Still not being able to test the 4K is something I am going to have to think about as it would be nice to know how that works, and what it means to production/rendering etc.


----------



## Bennymiata (Mar 4, 2016)

Ask to test the kit that comes with the cfast card and reader, and not the basic camera only kit. 

If you do buy a cfast card, you WILL need it eventually anway.
Don't forget to get a cfast card reader too.


----------



## privatebydesign (Mar 4, 2016)

Bennymiata said:


> Ask to test the kit that comes with the cfast card and reader, and not the basic camera only kit.
> 
> If you do buy a cfast card, you WILL need it eventually anway.
> Don't forget to get a cfast card reader too.

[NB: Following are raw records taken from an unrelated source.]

Definition tangent_cone (X : set E) (x : E) : set E :=
  [set v | exists (u : nat -> E) (tau : nat -> R),
     (forall k, X (u k)) /\ (forall k, 0 < tau k) /\
     tau @ \oo --> (0 : R) /\
     (fun k => (tau k)^-1 *: (u k - x)) @ \oo --> v].

(* x is stationary for f on X : grad f(x) lies in the dual cone of T_x X,
   i.e. <grad f(x), v> = Df(x)[v] >= 0 for all v in T_x X *)
Definition stationary (f : E -> R) (X : set E) (x : E) : Prop :=
  X x /\ forall v, tangent_cone X x v -> 0 <= 'd f x v.

Definition one_critical (g : E -> R) (y : E) : Prop :=
  sphere y /\
  forall c, smooth_curve_on sphere c -> c 0 = y ->
    derivable (g \o c) 0 1 /\ derive1 (g \o c) 0 = 0.

Definition two_critical (g : E -> R) (y : E) : Prop :=
  one_critical g y /\
  forall c, smooth_curve_on sphere c -> c 0 = y ->
    derivable (derive1 (g \o c)) 0 1 /\ 0 <= derive1n 2 (g \o c) 0.

(* k-times (Frechet) differentiable f : R^n -> R, k = 1, 2.
   Twice differentiable: f differentiable and its gradient map differentiable
   (equivalent to x |-> Df(x) differentiable, in finite dimension). *)
Definition gradient (f : E -> R) (x : E) : E := \row_i 'd f x (delta_mx ord0 i).

Definition k_differentiable (k : nat) (f : E -> R) : Prop :=
  match k with
  | 0 => True
  | 1 => forall x, differentiable f x
  | _ => (forall x, differentiable f x) /\ (forall x, differentiable (gradient f) x)
  end.

Definition local_local (y : E) : Prop :=
  forall f : E -> R, {within simplex, continuous f} ->
    local_min_on sphere (f \o sqlift) y -> local_min_on simplex f (sqlift y).

Definition one_to_one (y : E) : Prop :=
  forall f : E -> R, k_differentiable 1 f ->
    one_critical (f \o sqlift) y -> stationary f simplex (sqlift y).

Definition two_to_one (y : E) : Prop :=
  forall f : E -> R, k_differentiable 2 f ->
    two_critical (f \o sqlift) y -> stationary f simplex (sqlift y).

End Defs.

(* The map [x |-> (sign(y_k) sqrt x_k)_k] is a continuous right inverse of [phi] on
   the simplex that sends [phi y] back to [y], so local minima of [f \o phi] on the
   sphere descend to local minima of [f] on the simplex.
   Rotating [y] by an angle [t] in the coordinate plane [(i, j)] gives a curve [c] on
   the sphere along which [(f \o phi \o c)' = 2 c_i c_j (d_j f - d_i f)(phi (c t))].
   At [t = 0], first-order criticality forces [d_i f = d_j f] on the support of [y],
   and when [y_i != 0 = y_j] second-order criticality yields [d_i f <= d_j f]: these
   are the KKT conditions for stationarity on the simplex.  Conversely, if [y_i = 0],
   the linear cost [x |-> - x_i] makes [y] 1-critical although [phi y] is not
   stationary, since [e_i - phi y] is a descent direction. *)

From HB Require Import structures.
From mathcomp Require Import all_boot all_order all_algebra.
From mathcomp Require Import all_classical all_reals topology normedtype sequences derive.
From mathcomp Require Import realfun trigo.
From mathcomp Require Import ring lra.
Set Implicit Arguments. Unset Strict Implicit. Unset Printing Implicit Defensive.
Import Order.TTheory GRing.Theory Num.Theory.
Import numFieldNormedType.Exports.
Local Open Scope classical_set_scope.
Local Open Scope ring_scope.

You don't need a reader for a test, you can just plug the camera into a computer.


----------



## pwp (Mar 4, 2016)

If you're just testing it's scarcely an issue. Just accept the obvious that CFast will be much quicker and deeper. Card performance during a 1DX test will be almost the least interesting aspect of evaluating the camera. Interesting maybe, but hardly worth worrying about. It'll be FAst ;D

Enjoy the test drive.

-pw


----------



## expatinasia (Mar 4, 2016)

pwp said:


> If you're just testing it's scarcely an issue. Just accept the obvious that CFast will be much quicker and deeper. Card performance during a 1DX test will be almost the least interesting aspect of evaluating the camera. Interesting maybe, but hardly worth worrying about. It'll be FAst ;D
> 
> Enjoy the test drive.
> 
> -pw



I will be testing it on the job - and in many different scenarios, so it is important I get the most out of it, although as you quite rightly say the card performance will be the least interesting aspect of the few days.

The buffer on RAW images is not in any way important to me as my bursts are normally only for 3 or 4 shots max. I do occasionally go nuts and hold it down for a little longer, but that only tends to happen when I am tired and fed up!

But I am very interested to also test the 4K capabilities and to do that properly I will need at least a 128GB or greater CF card.

I may take Bennymiata's above advice and see if they can give me a CFast card too, though as pbd said I do not need a reader.


----------